** Directions for this task **
A complete answer includes every line below with the word "apply".

........

(* Let $A=(Q,q_0,\Sigma,\delta,\alpha)$ with $Q_d$ be an LDBA, $\mathsf{Ord}$ an ordering of its states w.r.t. $Q_d$, and $w\in\Sigma^\omega$. The color summary of the run DAG $G_w$ is even if and only if $G_w$ contains an accepting run (equivalently, iff $w\in\mathsf L(A)$).
   Context: A (transition-based) nondeterministic Büchi automaton is $A=(Q,q_0,\Sigma,\delta,\alpha)$ with finite $Q$, $q_0\in Q$, finite alphabet $\Sigma$, total $\delta\subseteq Q\times\Sigma\times Q$, and accepting transitions $\alpha\subseteq\delta$. A run on $w\in\Sigma^\omega$ is $\rho:\mathbb N\to Q$ with $\rho(0)=q_0$, $(\rho(i),w(i),\rho(i+1))\in\delta$; it is accepting if $(\rho(i),w(i),\rho(i+1))\in\alpha$ for infinitely many $i$; $\mathsf L(A)$ is the set of words with an accepting run. An LDBA additionally has $Q_d\subseteq Q$ with (1) $\alpha\subseteq Q_d\times\Sigma\times Q_d$; (2) each $q\in Q_d$ has exactly one $\sigma$-successor $\delta(q,\sigma)$ for each $\sigma$; (3) successors of states in $Q_d$ are in $Q_d$. Assume $q_0\notin Q_d$. Run DAG $G_w=(V,E)$: $V_0=\{(q_0,0)\}$, $V_i=\{(q,i)\mid\exists(q',i-1)\in V_{i-1}:(q',w(i-1),q)\in\delta\}$, $E=\{((q,i),(q',i+1))\in V_i\times V_{i+1}\mid (q,w(i),q')\in\delta\}$, $V^d_i=V_i\cap(Q_d\times\{i\})$. Runs are paths from $(q_0,0)$; a run $v_0v_1\dots$ with $v_i=(q_i,i)$ is accepting if $(q_i,w(i),q_{i+1})\in\alpha$ for infinitely many $i$. An ordering w.r.t. $Q_d$ is $\mathsf{Ord}:Q\to\{1,\dots,|Q_d|,+\infty\}$ with value $+\infty$ exactly on $Q\setminus Q_d$ and injective on $Q_d$; $\mathsf{Ord}((q,i))=\mathsf{Ord}(q)$. For run prefixes of equal length $n+1$, $\rho(0..n)\sqsubseteq\rho'(0..n)$ iff their $\mathsf{Ord}$-sequences are equal or lexicographically smaller (first differing position $i$ has $\mathsf{Ord}(\rho(i))<\mathsf{Ord}(\rho'(i))$, with $+\infty$ above all integers). For distinct $v,v'\in V_i$, $v\sqsubset_i v'$ iff some run prefix ending in $v$ is $\sqsubseteq$-smaller than all run prefixes ending in $v'$; this is a total order on $V^d_i$. $\mathsf{Ind}_i(v)\in\{1,\dots,|Q_d|\}$ is the position of $v\in V^d_i$ in this order (the smallest has index 1). $\mathsf{Dec}(V^d_i)$ is the set of $v\in V^d_i$ whose (unique) successor $v'\in V^d_{i+1}$ satisfies $\mathsf{Ind}_{i+1}(v')<\mathsf{Ind}_i(v)$. $\mathsf{Acc}(V^d_i)$ is the set of $v=(q,i)\in V^d_i$ having an edge to some $(q',i+1)\in V^d_{i+1}$ with $(q,w(i),q')\in\alpha$. The color of the step from level $i$ to $i+1$ is: if $\mathsf{Dec}=\emptyset$ and $\mathsf{Acc}\neq\emptyset$: $2\min_{v\in\mathsf{Acc}(V^d_i)}\mathsf{Ind}_i(v)$; if $\mathsf{Dec}\ne\emptyset$ and $\mathsf{Acc}=\emptyset$: $2\min_{v\in\mathsf{Dec}(V^d_i)}\mathsf{Ind}_i(v)-1$; if both nonempty: the minimum of these two values; if both empty: $2|Q_d|+1$. The color summary of $G_w$ is the minimal color occurring infinitely often in this sequence of colors. *)

From HB Require Import structures.
From mathcomp Require Import all_boot.
Set Implicit Arguments. Unset Strict Implicit. Unset Printing Implicit Defensive.

Section LDBA.
Variables (Q Sigma : finType) (q0 : Q) (delta alpha : Q -> Sigma -> Q -> bool)
  (Qd : {set Q}).

Definition is_LDBA : Prop :=
  (forall q s, exists q', delta q s q') /\
  (forall q s q', alpha q s q' -> delta q s q') /\
  (forall q s q', alpha q s q' -> (q \in Qd) && (q' \in Qd)) /\
  (forall q s, q \in Qd -> exists! q', delta q s q') /\
  (forall q s q', q \in Qd -> delta q s q' -> q' \in Qd) /\
  q0 \notin Qd.

(* Ord : Q -> {1..|Qd|, +oo}; None encodes +oo. *)
Definition is_ordering (Ord : Q -> option nat) : Prop :=
  [/\ (forall q, (Ord q == None) = (q \notin Qd)),
      (forall q, q \in Qd -> exists k, Ord q = Some k /\ 1 <= k <= #|Qd|)
    & {in Qd &, injective Ord}].

Definition olt (x y : option nat) : bool :=
  match x, y with
  | Some a, Some b => a < b
  | Some _, None => true
  | _, _ => false
  end.

Fixpoint lexle (s t : seq (option nat)) : bool :=
  match s, t with
  | [::], _ => true
  | x :: s', y :: t' => olt x y || ((x == y) && lexle s' t')
  | _ :: _, [::] => false
  end.

Variables (Ord : Q -> option nat) (w : nat -> Sigma).

Fixpoint V (i : nat) : {set Q} :=
  match i with
  | 0 => [set q0]
  | i'.+1 => [set q | [exists q' in V i', delta q' (w i') q]]
  end.

Definition Vd (i : nat) : {set Q} := V i :&: Qd.

Definition prefix_to (n : nat) (p : n.+1.-tuple Q) (q : Q) : bool :=
  [&& nth q0 p 0 == q0,
      [forall j : 'I_n, delta (nth q0 p j) (w j) (nth q0 p j.+1)]
    & nth q0 p n == q].

Definition prec (n : nat) (v v' : Q) : bool :=
  (v != v') &&
  [exists p : n.+1.-tuple Q, prefix_to p v &&
     [forall p' : n.+1.-tuple Q,
        prefix_to p' v' ==> lexle (map Ord p) (map Ord p')]].

Definition Ind (n : nat) (v : Q) : nat :=
  #|[set u in Vd n | prec n u v]|.+1.

Definition Dec (i : nat) : {set Q} :=
  [set q in Vd i | [exists q' in Vd i.+1,
      delta q (w i) q' && (Ind i.+1 q' < Ind i q)]].

Definition Acc (i : nat) : {set Q} :=
  [set q in Vd i | [exists q' in Vd i.+1,
      delta q (w i) q' && alpha q (w i) q']].

Definition minInd (i : nat) (S : {set Q}) : nat :=
  \big[minn/#|Qd|.+1]_(q in S) Ind i q.

Definition color (i : nat) : nat :=
  let cA := 2 * minInd i (Acc i) in
  let cD := (2 * minInd i (Dec i)) - 1 in
  if Dec i == set0 then
    (if Acc i == set0 then 2 * #|Qd| + 1 else cA)
  else
    (if Acc i == set0 then cD else minn cA cD).

Definition inf_often (c : nat) : Prop :=
  forall N, exists i, N <= i /\ color i = c.

Definition is_color_summary (c : nat) : Prop :=
  inf_often c /\ forall c', inf_often c' -> c <= c'.

Definition has_accepting_run : Prop :=
  exists rho : nat -> Q,
    [/\ rho 0 = q0,
        (forall i, delta (rho i) (w i) (rho i.+1))
      & (forall N, exists i, N <= i /\ alpha (rho i) (w i) (rho i.+1))].

End LDBA.

From mathcomp Require Import all_boot.
From mathcomp Require Import zify.
From Stdlib Require Import Classical.
Set Implicit Arguments. Unset Strict Implicit. Unset Printing Implicit Defensive.

(* Along a run that has entered the deterministic part [Qd], the index
   [Ind i (rho i)] never increases: every vertex below a successor is the
   successor of a vertex below its predecessor.  So the index of an accepting
   run stabilises at some k, and the run keeps producing colors <= 2k.  Once
   the index of [v] stops dropping, successors below [v] keep their relative
   order, so no vertex of index <= k decreases; odd colors then exceed 2k and
   the summary is even.  Conversely, if the summary 2k is even, take a late
   level where it comes from an accepting vertex of index k and follow its
   successors: an index drop would yield the odd color 2k - 1, so the index
   stays k, and every later occurrence of color 2k is an accepting step of
   this run, by injectivity of [Ind]. *)

Lemma oltxx x : olt x x = false.
Proof. by case: x => //= n; rewrite ltnn. Qed.

Lemma olt_trans x y z : olt x y -> olt y z -> olt x z.
Proof. by case: x; case: y; case: z => //= a b c; apply: ltn_trans. Qed.

Lemma olt_total x y : [|| olt x y, olt y x | x == y].
Proof. by case: x; case: y => //= a b; case: (ltngtP b a) => //= ->; rewrite ?orbT. Qed.

Lemma olt_asym x y : olt x y -> olt y x = false.
Proof. by move=> lt_xy; apply/negP => /(olt_trans lt_xy); rewrite oltxx. Qed.

Lemma lexle_refl s : lexle s s.
Proof. by elim: s => //= x s ->; rewrite eqxx orbT. Qed.

Lemma lexle_trans s t u : lexle s t -> lexle t u -> lexle s u.
Proof.
elim: s t u => [//|x s IH] [|y t] [|z u] //=.
case/orP=> [lt_xy|/andP[/eqP <- le_st]]; case/orP=> [lt_yz|/andP[/eqP <- le_tu]].
- by rewrite (olt_trans lt_xy lt_yz).
- by rewrite lt_xy.
- by rewrite lt_yz.
- by rewrite eqxx (IH _ _ le_st le_tu) orbT.
Qed.

Lemma lexle_total s t : lexle s t || lexle t s.
Proof.
elim: s t => [//|x s IH] [|y t] //=.
case/or3P: (olt_total x y) => [->//|->|/eqP->]; first by rewrite orbT.
by rewrite oltxx eqxx /=.
Qed.

Lemma lexle_anti s t : lexle s t -> lexle t s -> s = t.
Proof.
elim: s t => [|x s IH] [|y t] //=.
case/orP=> [lt_xy|/andP[/eqP <- le_st]].
  by rewrite (olt_asym lt_xy) /= => /andP[/eqP eq_yx _]; rewrite eq_yx oltxx in lt_xy.
by rewrite oltxx eqxx /= => /(IH _ le_st) ->.
Qed.

Lemma lexle_rcons s t x y : size s = size t ->
  lexle (rcons s x) (rcons t y) = lexle s t && ((s == t) ==> lexle [:: x] [:: y]).
Proof.
elim: s t => [|a s IH] [|b t] //= [/IH ->]; rewrite eqseq_cons.
case lt_ab: (olt a b) => /=; first by case: eqP lt_ab => // ->; rewrite oltxx.
by case: (a == b); rewrite ?andbF.
Qed.

Lemma lexle_nseq_None s : lexle s (nseq (size s) None).
Proof. by elim: s => //= -[n|] s ->; rewrite ?eqxx ?orbT. Qed.

Lemma big_minn_le (I : finType) (P : pred I) (F : I -> nat) d x :
  P x -> \big[minn/d]_(i | P i) F i <= F x.
Proof.
move=> Px; rewrite -big_filter.
have : x \in [seq i <- index_enum I | P i] by rewrite mem_filter Px mem_index_enum.
elim: (filter _ _) => //= y r IH; rewrite inE big_cons => /predU1P[->|/IH].
  exact: geq_minl.
exact/leq_trans/geq_minr.
Qed.

Lemma big_minn_attained (I : finType) (P : pred I) (F : I -> nat) d x :
  P x -> (forall y, P y -> F y < d) -> exists2 y, P y & \big[minn/d]_(i | P i) F i = F y.
Proof.
move=> Px lt_d.
have : \big[minn/d]_(i | P i) F i = d \/ exists2 y, P y & \big[minn/d]_(i | P i) F i = F y.
  apply: (big_ind (fun m => m = d \/ exists2 y, P y & m = F y)) => [|a b ha hb|y Py];
    [by left | | by right; exists y].
  by case: leqP.
by case=> // eq_d; have := big_minn_le F d Px; rewrite eq_d leqNgt lt_d.
Qed.

Section EventualBehaviour.
Variable f : nat -> nat.

Definition infinitely_often c := forall N, exists i, N <= i /\ f i = c.

Lemma finitely_often c : ~ infinitely_often c -> exists N, forall i, N <= i -> f i <> c.
Proof.
move=> not_inf; apply: NNPP => no_bound; apply: not_inf => N.
apply: NNPP => no_hit; apply: no_bound; exists N => i le_Ni fi_c.
by apply: no_hit; exists i.
Qed.

Lemma infinitely_often_le B : (forall N, exists i, N <= i /\ f i <= B) ->
  exists2 c, c <= B & infinitely_often c.
Proof.
elim: B => [|B IH] often_le.
  exists 0 => // N; have [i [le_Ni]] := often_le N.
  by rewrite leqn0 => /eqP fi0; exists i.
have [often_B1|] := classic (infinitely_often B.+1); first by exists B.+1.
move=> /finitely_often[N0 not_B1].
have [N|c le_cB often_c] := IH; last by exists c => //; apply: leqW.
have [i [le_i le_fi]] := often_le (maxn N N0); rewrite geq_max in le_i.
case/andP: le_i => le_Ni le_N0i; exists i; split=> //.
by have := not_B1 i le_N0i; lia.
Qed.

Lemma exists_min_infinitely_often c : infinitely_often c ->
  exists m, infinitely_often m /\ forall c', infinitely_often c' -> m <= c'.
Proof.
elim/ltn_ind: c => c IH often_c.
have [[c' lt_c'c often_c']|none_below] := classic (exists2 c', c' < c & infinitely_often c').
  exact: IH often_c'.
exists c; split=> // c' often_c'; rewrite leqNgt; apply/negP => lt_c'c.
by apply: none_below; exists c'.
Qed.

........

** Expected output **
Proof. by case: x; case: y; case: z => //= a b c; apply: ltn_trans. Qed.
Proof. by move=> lt_xy; apply/negP => /(olt_trans lt_xy); rewrite oltxx. Qed.
  apply: (big_ind (fun m => m = d \/ exists2 y, P y & m = F y)) => [|a b ha hb|y Py];
move=> not_inf; apply: NNPP => no_bound; apply: not_inf => N.
apply: NNPP => no_hit; apply: no_bound; exists N => i le_Ni fi_c.
by apply: no_hit; exists i.
have [N|c le_cB often_c] := IH; last by exists c => //; apply: leqW.
exists c; split=> // c' often_c'; rewrite leqNgt; apply/negP => lt_c'c.
by apply: none_below; exists c'.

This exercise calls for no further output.